#### ASSIGNED TASK
Lift out, unaltered, the lines of the material below between the line holding "by rewrite [tcomm" and the line holding "Q E) polar_map_is_linear.", counting both.

*** SUPPLIED ENTRIES ***

(* Let $P$ and $R$ be complex vector spaces with $\dim P=3$, $\dim R=h$, $R$ carrying a non-degenerate symmetric bilinear form identifying $R\cong R^\vee$. Let $E\subset\mathrm{Hom}(P,R)$ be a generic $h$-dimensional abelian subspace in general position. Then the linear equations defining the polar space $H(E)=\{v\in \mathrm{Hom}(P,R): \mathrm{span}\{E,v\}\text{ is abelian}\}$ have rank $2h$ (i.e. $H(E)$ has codimension $2h$ in $\mathrm{Hom}(P,R)$). Consequently $H(E)=E$, i.e. $E$ is a maximal abelian subspace.
   Context: A linear subspace $E\subset \mathrm{Hom}(P,R)$ is abelian if ${}^tA\,B-{}^tB\,A=0$ for all $A,B\in E$, transposes taken with respect to $R\cong R^\vee$. $E$ is in general position if for a general $u\in P$ the map $E\to R$, $A\mapsto A(u)$, is an isomorphism. Note $\dim \mathrm{Hom}(P,R)=3h$. *)

From HB Require Import structures.
From mathcomp Require Import all_boot all_order all_algebra.
From mathcomp Require Import reals.
From mathcomp Require Import complex.
From mathcomp Require mpoly.
Set Implicit Arguments. Unset Strict Implicit. Unset Printing Implicit Defensive.
Import GRing.Theory Num.Theory.
Local Open Scope ring_scope.

(* P = F^3 (column vectors 'cV_3), R = F^h (column vectors 'cV_h).
   Hom(P,R) = 'M[F]_(h,3).  The non-degenerate symmetric bilinear form on R is
   (x,y) |-> x^T *m Q *m y with Q symmetric and invertible.
   For A, B in Hom(P,R), the composite  tA B : P -> P^v  is the bilinear form
   (u,w) |-> <A u, B w>_Q, i.e. the 3x3 matrix A^T *m Q *m B.
   A linear subspace E of Hom(P,R) is represented (mxalgebra-style) by a matrix
   whose rows span E, the elements of Hom(P,R) being identified with row vectors
   of length h*3 via mxvec / vec_mx. *)

Section Defs.
Variable F : fieldType.
Variable h : nat.

Definition tcomp (Q : 'M[F]_h) (A B : 'M[F]_(h,3)) : 'M[F]_3 := A^T *m Q *m B.

Definition abelian_sub (Q : 'M[F]_h) m (E : 'M[F]_(m, h * 3)) : Prop :=
  forall a b : 'rV[F]_(h * 3), (a <= E)%MS -> (b <= E)%MS ->
    tcomp Q (vec_mx a) (vec_mx b) - tcomp Q (vec_mx b) (vec_mx a) = 0.

Definition eval_iso m (E : 'M[F]_(m, h * 3)) (u : 'cV[F]_3) : Prop :=
  (forall a : 'rV[F]_(h * 3), (a <= E)%MS -> vec_mx a *m u = 0 -> a = 0) /\
  (forall r : 'cV[F]_h, exists a : 'rV[F]_(h * 3), (a <= E)%MS /\ vec_mx a *m u = r).

(* general position: for a general u in P the evaluation map is an isomorphism.
   The set of such u is the complement of the zero set of a polynomial in u
   (a determinant), hence it is a dense open set iff it is nonempty. *)
Definition general_position m (E : 'M[F]_(m, h * 3)) : Prop :=
  exists u : 'cV[F]_3, eval_iso E u.

Definition in_polar (Q : 'M[F]_h) m (E : 'M[F]_(m, h * 3)) (v : 'M[F]_(h,3)) : Prop :=
  abelian_sub Q (col_mx E (mxvec v)).

Definition polar_map (Q : 'M[F]_h) (E : 'M[F]_(h, h * 3)) (v : 'rV[F]_(h * 3))
  : 'rV[F]_(h * (3 * 3)) :=
  mxvec (\matrix_(i < h)
    mxvec (tcomp Q (vec_mx (row i E)) (vec_mx v) - tcomp Q (vec_mx v) (vec_mx (row i E)))).

Definition polar_eqs (Q : 'M[F]_h) (E : 'M[F]_(h, h * 3)) : 'M[F]_(h * 3, h * (3 * 3)) :=
  lin1_mx (polar_map Q E).

(* coordinates of a basis matrix, used as variables for polynomials *)
Definition coords (E : 'M[F]_(h, h * 3)) : 'I_(h * (h * 3)) -> F :=
  fun k => mxvec E 0 k.

Definition abelian_gp_basis (Q : 'M[F]_h) (E : 'M[F]_(h, h * 3)) : Prop :=
  [/\ row_free E, abelian_sub Q E & general_position E].

End Defs.

From HB Require Import structures.
From mathcomp Require Import all_boot all_order all_algebra.
From mathcomp Require Import reals complex.
From mathcomp Require mpoly.
From mathcomp Require Import zify.
Set Implicit Arguments. Unset Strict Implicit. Unset Printing Implicit Defensive.
Import GRing.Theory Num.Theory.
Local Open Scope ring_scope.

(* Let u be a point where evaluation E -> R is an isomorphism.  If v commutes
   (tA v = tv A) with every A in E, subtract the A0 in E with A0 u = v u; the
   difference w satisfies w u = 0, so multiplying tA w - tw A = 0 on the left
   by tu leaves t(A u) Q w = 0 for every A in E.  As A u runs over all
   of R and the form is non-degenerate, w = 0, i.e. v lies in E.  Hence the
   polar space of an abelian E in general position is E itself, the kernel of
   the polar equations is h-dimensional, and their rank is 3h - h = 2h -- for
   every such E, not only a generic one. *)

Section TransposeCommutator.
Variables (F : fieldType) (h : nat) (Q : 'M[F]_h).
Implicit Types (A B C : 'M[F]_(h, 3)).

Definition tcomm A B : 'M[F]_3 := tcomp Q A B - tcomp Q B A.

Lemma tcommC A B : tcomm A B = - tcomm B A.
Proof. by rewrite /tcomm opprB. Qed.

Lemma tcomm_linearl B k A C : tcomm (k *: A + C) B = k *: tcomm A B + tcomm C B.
Proof.
rewrite /tcomm /tcomp linearD linearZ /= !mulmxDl !mulmxDr -!scalemxAl -!scalemxAr.
by rewrite scalerBr opprD addrACA.
Qed.

Lemma tcomm_linearr A k B C : tcomm A (k *: B + C) = k *: tcomm A B + tcomm A C.
Proof. by rewrite tcommC tcomm_linearl opprD -scalerN -!tcommC. Qed.

Lemma tcomm0l B : tcomm 0 B = 0.
Proof. by rewrite /tcomm /tcomp trmx0 !mul0mx mulmx0 subrr. Qed.

Lemma tcomm_rows_eq0 m (E : 'M[F]_(m, h * 3)) B :
  (forall i, tcomm (vec_mx (row i E)) B = 0) ->
  forall a, (a <= E)%MS -> tcomm (vec_mx a) B = 0.
Proof.
move=> rowsE a /submxP [c ->]; rewrite mulmx_sum_row linear_sum /=.
elim/big_rec: _ => [|i x _ IHx]; first by rewrite tcomm0l.
by rewrite linearZ /= tcomm_linearl rowsE IHx scaler0 addr0.
Qed.

Lemma trcV_mulmx_eq0 n (M : 'M[F]_(h, n)) :
  (forall r : 'cV[F]_h, r^T *m M = 0) -> M = 0.
Proof.
move=> rM0; apply/row_matrixP => i.
by rewrite rowE -[delta_mx _ _]trmxK rM0 row0.
Qed.

Lemma tcomm_eval_kernel m (E : 'M[F]_(m, h * 3)) (u : 'cV[F]_3) w :
  Q \in unitmx ->
  (forall r : 'cV[F]_h, exists a, (a <= E)%MS /\ vec_mx a *m u = r) ->
  w *m u = 0 -> (forall a, (a <= E)%MS -> tcomm (vec_mx a) w = 0) -> w = 0.
Proof.
move=> Qunit evalE_onto wu0 wE.
have Qw0 : Q *m w = 0.
  apply: trcV_mulmx_eq0 => r; have [a [aE au]] := evalE_onto r.
  have := congr1 (mulmx u^T) (wE a aE); rewrite /tcomm /tcomp mulmx0 mulmxBr.
  rewrite !mulmxA -trmx_mul au -mulmxA -trmx_mul wu0 trmx0 !mul0mx subr0.
  by rewrite mulmxA.
by rewrite -(mulKmx Qunit w) Qw0 mulmx0.
Qed.

Lemma tcomm_eq0_submx m (E : 'M[F]_(m, h * 3)) v :
  Q \in unitmx -> abelian_sub Q E -> general_position E ->
  (forall a, (a <= E)%MS -> tcomm (vec_mx a) v = 0) -> (mxvec v <= E)%MS.
Proof.
move=> Qunit abE [u [_ evalE_onto]] vE.
have [a0 [a0E a0u]] := evalE_onto (v *m u).
suff -> : v = vec_mx a0 by rewrite vec_mxK.
apply/eqP; rewrite -subr_eq0; apply/eqP.
apply: (tcomm_eval_kernel Qunit evalE_onto); first by rewrite mulmxBl a0u subrr.
move=> b bE; rewrite addrC -scaleN1r tcomm_linearr vE // addr0.
by rewrite [tcomm _ _](abE _ _ bE a0E) scaler0.
Qed.

Lemma in_polarP (E : 'M[F]_(h, h * 3)) v :
  Q \in unitmx -> abelian_sub Q E -> general_position E ->
  in_polar Q E v <-> (mxvec v <= E)%MS.
Proof.
move=> Qunit abE gpE; split => [vpolar | vE a b].
  apply: tcomm_eq0_submx => // a aE.
  have sE : (E <= col_mx E (mxvec v))%MS by rewrite -addsmxE addsmxSl.
  have sv : (mxvec v <= col_mx E (mxvec v))%MS by rewrite -addsmxE addsmxSr.
  by have := vpolar a _ (submx_trans aE sE) sv; rewrite mxvecK.
have sEv : (col_mx E (mxvec v) <= E)%MS by rewrite col_mx_sub submx_refl vE.
by move=> /submx_trans/(_ sEv) aE /submx_trans/(_ sEv); apply: abE.
Qed.

Section PolarEquations.
Variable E : 'M[F]_(h, h * 3).

Fact polar_map_is_linear : linear (polar_map Q E).
Proof.
move=> k x y; rewrite /polar_map -linearP /=; congr mxvec.
apply/row_matrixP => i; rewrite linearP /= !rowK linearP /=.
by rewrite !rowK -!/(tcomm _ _) tcomm_linearr linearP.
Qed.

HB.instance Definition _ := GRing.isLinear.Build F 'rV[F]_(h * 3)
  'rV[F]_(h * (3 * 3)) *:%R (polar_map Q E) polar_map_is_linear.

Lemma sub_kermx_polar_eqs a : (a <= kermx (polar_eqs Q E))%MS =
  [forall i, tcomm (vec_mx (row i E)) (vec_mx a) == 0].
Proof.
rewrite sub_kermx mul_rV_lin1 /polar_map mxvec_eq0.
apply/eqP/forallP => [polar0 i | rowsE].
  by have := congr1 (row i) polar0; rewrite rowK row0 => /eqP; rewrite mxvec_eq0.
by apply/row_matrixP => i; rewrite rowK row0; apply/eqP; rewrite mxvec_eq0 rowsE.
Qed.

Lemma kermx_polar_eqs : Q \in unitmx -> abelian_sub Q E -> general_position E ->
  (kermx (polar_eqs Q E) :=: E)%MS.
Proof.
move=> Qunit abE gpE.
have subE (a : 'rV_(h * 3)) : (a <= kermx (polar_eqs Q E))%MS = (a <= E)%MS.
  rewrite sub_kermx_polar_eqs; apply/forallP/idP => [rowsE | aE i].
    rewrite -(vec_mxK a); apply: tcomm_eq0_submx => //.
    by apply: tcomm_rows_eq0 => i; apply/eqP.
  by apply/eqP; apply: abE => //; apply: row_sub.
apply/eqmxP/andP; split; apply/row_subP => i; first by rewrite -subE row_sub.
by rewrite subE row_sub.
Qed.

Lemma rank_polar_eqs : Q \in unitmx -> abelian_gp_basis Q E ->
  \rank (polar_eqs Q E) = (2 * h)%N.
Proof.
move=> Qunit [freeE abE gpE].
have := mxrank_ker (polar_eqs Q E).
rewrite (kermx_polar_eqs Qunit abE gpE) (eqP freeE).
have := rank_leq_row (polar_eqs Q E); lia.
Qed.

End PolarEquations.
End TransposeCommutator.

Local Open Scope complex_scope.

Theorem proposition3p24 (R : realType) (h : nat) (Q : 'M[R[i]]_h) :
  Q^T = Q -> Q \in unitmx ->
  forall p : mpoly.mpoly (h * (h * 3)) R[i],
    (forall E : 'M[R[i]]_(h, h * 3),
        abelian_gp_basis Q E ->
        \rank (polar_eqs Q E) = (2 * h)%N ->
        (forall v : 'M[R[i]]_(h, 3), in_polar Q E v <-> (mxvec v <= E)%MS) ->
        mpoly.meval (coords E) p = 0) ->
    forall E : 'M[R[i]]_(h, h * 3),
      abelian_gp_basis Q E -> mpoly.meval (coords E) p = 0.
Proof.
move=> _ Qunit p p_vanishes E gbE.
have [_ abE gpE] := gbE.
apply: p_vanishes => // [|v]; first exact: rank_polar_eqs.
exact: in_polarP.
Qed.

*** End of SUPPLIED ENTRIES ***

#### WRITTEN REPLY
by rewrite [tcomm _ _](abE _ _ bE a0E) scaler0.
Qed.

Lemma in_polarP (E : 'M[F]_(h, h * 3)) v :
  Q \in unitmx -> abelian_sub Q E -> general_position E ->
  in_polar Q E v <-> (mxvec v <= E)%MS.
Proof.
move=> Qunit abE gpE; split => [vpolar | vE a b].
  apply: tcomm_eq0_submx => // a aE.
  have sE : (E <= col_mx E (mxvec v))%MS by rewrite -addsmxE addsmxSl.
  have sv : (mxvec v <= col_mx E (mxvec v))%MS by rewrite -addsmxE addsmxSr.
  by have := vpolar a _ (submx_trans aE sE) sv; rewrite mxvecK.
have sEv : (col_mx E (mxvec v) <= E)%MS by rewrite col_mx_sub submx_refl vE.
by move=> /submx_trans/(_ sEv) aE /submx_trans/(_ sEv); apply: abE.
Qed.

Section PolarEquations.
Variable E : 'M[F]_(h, h * 3).

Fact polar_map_is_linear : linear (polar_map Q E).
Proof.
move=> k x y; rewrite /polar_map -linearP /=; congr mxvec.
apply/row_matrixP => i; rewrite linearP /= !rowK linearP /=.
by rewrite !rowK -!/(tcomm _ _) tcomm_linearr linearP.
Qed.

HB.instance Definition _ := GRing.isLinear.Build F 'rV[F]_(h * 3)
  'rV[F]_(h * (3 * 3)) *:%R (polar_map Q E) polar_map_is_linear.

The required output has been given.